What made you decide to go into academia?

"I had a whole lot of questions about kids' learning and kids' play at school that culminated for me engaging with my students. But I didn't feel like I had the language or ways of thinking about what was going on, so I left to think about those things. Then I stumbled across these French philosophies that allow me to look differently at children's encounters with popular culture.

"It's a bit like complexity theory. They look at the relationships between, not just people, but people and materials and nonhuman things and they look at what is produced in those relationships. So for me, it's a very hopeful way of looking at life really that there's always something new being made instead of the same thing happening again and again."

What do you hope to accomplish over the next five years?

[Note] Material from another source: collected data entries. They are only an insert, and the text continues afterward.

Lemma E_comp (hact_mul : forall g h x, act (gmul T g h) x = act g (act h x))
  (hact_cont : jointly_continuous (gtop T) tX tX act) p q :
  E p -> E q -> E (fun x => p (q x)).
Proof.
  intros Hp Hq W HW HWpq.
  destruct (HW _ HWpq) as [l [Hl Hsub]].
  assert (Hn : basic_nbhd tX (map (fun xu => (q (fst xu), snd xu)) l) p).
  { intros xu Hin. apply in_map_iff in Hin as [xu' [<- Hin]]. simpl. apply Hl; auto. }
  destruct (E_basic p _ Hp Hn) as [g Hg].
  destruct (act_compose_basic g q l hact_cont) as [l2 [H2a H2b]].
  { intros xu Hin. split; [apply Hl; auto|].
    apply (Hg (q (fst xu), snd xu)). apply in_map_iff. exists xu; auto. }
  destruct (E_basic q l2 Hq H2a) as [h Hh].
  exists (act (gmul T g h)). split; [exists (gmul T g h); reflexivity|].
  apply Hsub. intros xu Hin. rewrite hact_mul. apply H2b; auto.
Qed.

(** If [einv p z ∈ U'] then, near [p], every [g] has [g^{-1} z ∈ U']: otherwise
    a net [t_i → p] keeps [t_i^{-1} z] outside [U'], contradicting that its
    cluster points equal [einv p z]. *)
Lemma inverse_orbit_near p z U' :
  E p -> is_open tX U' -> U' (einv p z) ->
  exists m, basic_nbhd tX m p /\ forall g, basic m (act g) -> U' (act (ginv T g) z).
Proof.
  intros Hp HU' HU'z. apply NNPP; intro Hneg.
  destruct (nbhd_net p (fun g => ~ U' (act (ginv T g) z))) as [t [Hc Hout]].
  { intros m Hm. apply NNPP; intro Hno. apply Hneg. exists m. split; auto.
    intros g Hg. apply NNPP; intro HnU. apply Hno. exists g. auto. }
  destruct (compact_cluster_point (nbhd_le p) tX (fun i => act (ginv T (t i)) z)
              hcomp (nbhd_le_directed p)) as [w Hw].
  assert (Hwe : w = einv p z).
  { rewrite <- (cluster_point_preimage _ t p z w (nbhd_le_directed p) Hc Hw).
    symmetry. apply einv_left, Hp. }
  subst w. destruct (nbhd_le_directed p) as [[i0] _].
  destruct (Hw i0 U' HU' HU'z) as [j [_ Hj]]. exact (Hout j Hj).
Qed.

Lemma einv_continuous_at p z U :
  E p -> is_open tX U -> U (einv p z) ->
  exists m, basic_nbhd tX m p /\ forall q, E q -> basic m q -> U (einv q z).
Proof.
  intros Hp HU HUz.
  destruct (compact_hausdorff_regular tX (einv p z) U hcomp hhaus HU HUz)
    as [U' [HU' [HU'z Hsep]]].
  destruct (inverse_orbit_near p z U' Hp HU' HU'z) as [m [Hm Hnear]].
  exists m. split; auto. intros q Hq Hbq. apply NNPP; intro HnU.
  destruct (Hsep _ HnU) as [N [HN [HNq HNdis]]].
  (* some [g] near [q] (hence near [p]) has [g^{-1} z] close to [einv q z] *)
  destruct (approx_with_inverse q m [(einv q z, N)] Hq) as [g [Hg1 Hg2]].
  - intros xu Hin. split; [apply (Hm xu Hin) | apply Hbq; auto].
  - intros xu [<-|[]]; simpl; auto.
  - pose proof (Hg2 (einv q z, N) (or_introl eq_refl)) as H. simpl in H.
    rewrite (einv_right q Hq) in H.
    exact (HNdis _ H (Hnear g Hg1)).
Qed.

Lemma einv_continuous_basic p l :
  E p -> basic_nbhd tX l (einv p) ->
  exists m, basic_nbhd tX m p /\ forall q, E q -> basic m q -> basic l (einv q).
Proof.
  intros Hp. induction l as [|[z U] l IH]; intros H.
  - exists nil. split; [intros xu []|]. intros q _ _ xu [].
  - destruct IH as [m1 [Hm1 Hm1']]. { intros xu Hin; apply H; simpl; auto. }
    destruct (H (z,U) (or_introl eq_refl)) as [HU HUz]. simpl in HU, HUz.
    destruct (einv_continuous_at p z U Hp HU HUz) as [m2 [Hm2 Hm2']].
    exists (m1 ++ m2). split; [apply basic_nbhd_app; auto|].
    intros q Hq Hb. apply basic_app in Hb as [Hb1 Hb2].
    intros xu [<-|Hin]; [apply Hm2'; auto | apply Hm1'; auto].
Qed.

Lemma einv_continuous p W :
  E p -> pw_open tX W -> W (einv p) ->
  exists V, pw_open tX V /\ V p /\ forall q, E q -> V q -> W (einv q).
Proof.
  intros Hp HW HWi.
  destruct (HW _ HWi) as [l [Hl Hsub]].
  destruct (einv_continuous_basic p l Hp Hl) as [m [Hm1 Hm2]].
  exists (basic m). split; [apply basic_open; intros; apply Hm1; auto|].
  split; [intros xu Hin; apply Hm1; auto|].
  intros q Hq Hbq. apply Hsub, Hm2; auto.
Qed.

End Enveloping.

Theorem mainTheorem3 (T : TopGroup) (X : Type) (tX : Topology X) (act : T -> X -> X)
  (hcomp : compact tX) (hhaus : hausdorff tX)
  (hact : continuous_action T tX act)
  (haa : forall x : X, almost_automorphic T tX act x) :
  let E := enveloping T tX act in
  (* E(X,T) is a group under composition, with identity id_X *)
  (forall p q, E p -> E q -> E (fun x => p (q x))) /\
  E (fun x => x) /\
  exists inv : (X -> X) -> (X -> X),
    (forall p, E p -> E (inv p) /\ forall x, p (inv p x) = x /\ inv p (p x) = x) /\
    (* inversion is continuous on E (subspace of the product topology on X^X) *)
    (forall p W, E p -> pw_open tX W -> W (inv p) ->
       exists V, pw_open tX V /\ V p /\ forall q, E q -> V q -> W (inv q)) /\
    (* and maps E onto E *)
    (forall q, E q -> exists p, E p /\ inv p = q).
Proof.
  intros E. destruct hact as [hact_one [hact_mul hact_cont]].
  split; [exact (E_comp T X tX act hact_mul hact_cont)|].
  split; [exact (E_id T X tX act hact_one)|].
  exists (einv X). split; [|split].
  - intros p Hp. split; [exact (E_einv T X tX act hcomp hhaus haa p Hp)|].
    intros x. split.
    + exact (einv_right T X tX act hcomp hhaus haa p Hp x).
    + exact (einv_left T X tX act hcomp hhaus haa p Hp x).
  - exact (einv_continuous T X tX act hcomp hhaus haa).
  - intros q Hq. exists (einv X q). split.
    + exact (E_einv T X tX act hcomp hhaus haa q Hq).
    + exact (einv_involutive T X tX act hcomp hhaus haa q Hq).
Qed.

"I hope to engage in some really meaningful research with the potential to help teachers look at students' learning in new ways. I'm not sure what that will look like. I'm looking forward to becoming more entrenched in the scholarly community.

"Working with teachers and establishing my scholarship and really building the relationships with the students here at USC and helping them navigate a really weird time in public education with lots of mandates and things that are called reform that aren't really reform. I want to help them think about their own practice as intellectuals and about the students that they will one day have."

What is a talent that you have or something you have done that people might find surprising?

"It's not a talent. I once tried to save a squirrel that had been hit by a car. I was scratched and bitten in the meantime and had to get registered with the health department in case the necropsy revealed rabies, which it did not. Instead of waiting for my friend to find a container, I picked it up and ran across the Penn State campus – actually it was more of a speed-walk – with the squirrel, so we could take it to the emergency vet, where of course, it was euthanized because it was a squirrel."

"Also, my students live-tweet my classes. I encourage them too. Basically, I just ask them to quote all the funny stuff because I like laughing. I don't really know what I'm saying half the time, so I like to go back and read it."

Where do you consider home?

"Pennsylvania. I'm a big fan of mountains and low humidity. I love squirrels, but I don't love mosquitoes. My family is originally from Pennsylvania and I'm a big Pittsburgh sports fan."

What was your dissertation?

" 'Mapping Emerging Childhoods and Justin Bieber Fan Culture.' I hung out at concerts, the whole thing."